The question you’re facing is really about what marriage is, according to the Bible. At various times, I’ve faced the same questions you are now facing. The following are some guidelines. Some of these depend directly on what the Bible says, and some belong in the domain of prudential wisdom that is itself shaped by the Bible.
More than sexual union
(1) In the Bible, marriage is more than sexual union between a man and a woman, but it is not less. It also includes public commitment to each other in some public, legal, and culturally acknowledged way that sets this pair apart as husband and wife. In the nomadic culture of Abraham’s day, a part of the ceremony was for the groom to take his bride ‘into his mother’s tent’ (so Isaac) — that was the equivalent of the wedding night. Under the law of Moses, if A and B sleep together, and if it is clearly not rape, the law does not say, ‘Oh, well, I guess that makes them married’. No, the dowry must still be paid (that was part of the public declaration of marriage under that culture), the two families are involved, etc.
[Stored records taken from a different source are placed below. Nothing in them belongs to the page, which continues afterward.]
Lemma between_in_X z : lvl z = c + 1 ->
  Num.min (pos x) (pos y) <= pos z <= Num.max (pos x) (pos y) -> z \in X.
Proof.
move=> zc z_range; apply/negPn/negP => zX.
have [pc pr] := (P_seg p).1 pP; have [qc qr] := (P_seg q).1 qP.
have xz := notin_pos_neq zX xX (etrans x_up (esym zc)).
have yc := lvl_y; have yz := notin_pos_neq zX yX (etrans yc (esym zc)).
have := (adj_step K x p).1 xp; have := (adj_step K y q).1 yq; rewrite /step => yq' xp'.
have := winding_cyc_outside zX.
rewrite zc -(winding_lvlS cyc_walk cyc_last) => [|u /cyc_in_X uX ul]; last first.
  exact: notin_pos_neq zX uX (etrans ul (esym zc)).
rewrite winding_cyc_portal; last flia.
by rewrite (crossing_up _ pc x_up) (crossing_down _ yc qc); repeat case: ifP; flia.
Qed.

Lemma portal_shortcut : exists t, [/\ walk (inX X) adj x t, last x t = y &
  (size t <= (absz (pos p - pos q)%R).+1)%N].
Proof.
have yc := lvl_y; have [pc _] := (P_seg p).1 pP; have [qc _] := (P_seg q).1 qP.
have [||t [Wt Lt St _]] := @axis_walk (inX X) x y; first flia.
  by move=> z zc zr; apply: between_in_X => //; flia.
exists t; split=> //; first exact: walk_subrel (@adj_axis_adj d) Wt.
by have := (adj_step K x p).1 xp; have := (adj_step K y q).1 yq; rewrite /step; flia.
Qed.

End PortalCycle.

Lemma portal_detour_up (X P : {fset vertex}) x0 x p q y w :
  no_holes X -> x0 \in X ->
  (forall z, z \in P <-> connected_in (inX X) (adj_axis d) x0 z) ->
  p \in P -> q \in P -> adj x p -> adj y q -> x \in X -> y \in X -> y \notin P ->
  walk (fun z => z \in X /\ z \notin P) adj x w -> last x w = y ->
  lvl x = lvl p + 1 ->
  exists t, [/\ walk (inX X) adj x t, last x t = y &
    (size t <= (absz (pos p - pos q)%R).+1)%N].
Proof.
move=> noholes x0X P_comp pP qP xp yq xX yX yP Ww Lw x_up.
have [lo [hi [P_seg segX lo_out hi_out]]] := portal_segment x0X P_comp.
have [pc pr] := (P_seg p).1 pP; have [qc qr] := (P_seg q).1 qP.
have [||lq [Wlq Llq _ lq_lvl]] := @axis_walk (inX X) q p; first by rewrite pc qc.
  by move=> z zc zr; apply: segX; flia.
rewrite pc in x_up; rewrite qc in lq_lvl.
have qX : q \in X by apply: segX.
exact: portal_shortcut noholes P_seg lo_out hi_out pP qP qX xp yq xX yX yP x_up Ww Lw
  Wlq Llq lq_lvl.
Qed.

End Frame.

Lemma portal_detour d (K : frame d) (X P : {fset vertex}) x0 x p q y w :
  no_holes X -> x0 \in X ->
  (forall z, z \in P <-> connected_in (inX X) (adj_axis d) x0 z) ->
  p \in P -> q \in P -> adj x p -> adj y q ->
  x \in X -> x \notin P -> y \in X -> y \notin P ->
  walk (fun z => z \in X /\ z \notin P) adj x w -> last x w = y ->
  exists t, [/\ walk (inX X) adj x t, last x t = y &
    (size t <= (absz (pos K p - pos K q)%R).+1)%N].
Proof.
move=> noholes x0X P_comp pP qP xp yq xX xP yX yP Ww Lw.
have [x_up|[x_down|x_same]] : lvl K x = lvl K p + 1 \/
    lvl (frame_opp K) x = lvl (frame_opp K) p + 1 \/ lvl K x = lvl K p.
  by have := (adj_step K x p).1 xp; rewrite /step /=; flia.
- exact: portal_detour_up noholes x0X P_comp pP qP xp yq xX yX yP Ww Lw x_up.
- have [t [Wt Lt St]] :=
    portal_detour_up noholes x0X P_comp pP qP xp yq xX yX yP Ww Lw x_down.
  by exists t; split=> //; move: St => /=; flia.
- suff : x \in P by rewrite (negbTE xP).
  have x0p := (P_comp p).1 pP; apply/P_comp; apply: (connected_trans x0p).
  exists [:: x]; split; first exact: connected_memr x0p.
  split=> //; split=> //; apply/(adj_axis_step K).
  by have := (adj_step K x p).1 xp; rewrite /step; flia.
Qed.

Lemma walk_connected_avoid (X P : {fset vertex}) a s :
  a \in X -> walk (inX X) adj a s -> ~~ has (mem P) (a :: s) ->
  connected_in (fun z => z \in X /\ z \notin P) adj a (last a s).
Proof.
move=> aX Ws /hasPn asP; exists s; split; first by split=> //; apply: asP; exact: mem_head.
split=> //; apply: walk_subset (Ws) => z zs.
by split; [exact: walk_mem Ws z zs | apply: asP; rewrite in_cons zs orbT].
Qed.

Local Open Scope fset_scope.

Theorem mainTheorem4 (X P : {fset vertex}) (u v : vertex) (s : seq vertex) :
  GX_connected X -> no_holes X -> is_portal X P ->
  u \in X -> u \notin P -> v \in X -> v \notin P ->
  shortest_path X u s v ->
  ((exists w, w \in u :: s /\ w \in P) <->
   ~ connected_in (fun x => x \in X /\ x \notin P) adj u v).
Proof.
move=> _ noholes [d [x0 [x0X P_comp]]] uX uP vX vP sp.
have [[_ [Ws Ls]] _] := sp.
split=> [[w0 [w0s w0P]] uv | not_uv]; last first.
  have [/hasP [w ws wP]|noP] := boolP (has (mem P) (u :: s)); first by exists w.
  by case: not_uv; rewrite -Ls; exact: walk_connected_avoid.
have [||s1 [p [m [y [n [Es pP qP us1P yn]]]]]] := @split_entry_exit _ (mem P) u s uP;
  [by rewrite Ls | by apply/hasP; exists w0 | subst s].
move: Ws; rewrite walk_cat /= walk_cat => -[Ws1 [xp [pX [Wm [qy [yX Wn]]]]]].
have ux := walk_connected_avoid uX Ws1 us1P.
have yv : connected_in (fun z => z \in X /\ z \notin P) adj y v.
  by rewrite -Ls last_cat /= last_cat; exact: walk_connected_avoid.
have [w [[xX xP] [Ww Lw]]] := connected_trans (connected_sym adj_sym ux)
  (connected_trans uv (connected_sym adj_sym yv)).
have [t [Wt Lt St]] := portal_detour (frame_of d) noholes x0X P_comp pP qP xp
  (adj_sym qy) xX xP yX (norP yn).1 Ww Lw.
have sp' : shortest_path X u (s1 ++ (p :: rcons m y) ++ n) v by rewrite cat_cons cat_rcons.
have := shortest_path_infix sp' Wt; rewrite Lt /= last_rcons size_rcons => /(_ erefl) mt.
have := walk_pos_dist (frame_of d) Wm; rewrite -abszN opprB leqNgt => /negP; apply.
by rewrite -ltnS; exact: leq_trans mt St.
Qed.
So today, if A and B have been living together in sexual intimacy for some time, but without benefit of public attestation (whether in a church or before, say, a justice of the peace), they are not really ‘married’ in the full sense of that term (the sexual union is there, but not the public mutual commitment according to the laws of our day); but equally, if A and B take vows of marriage and then don’t sleep together, this is not fully ‘marriage’ either.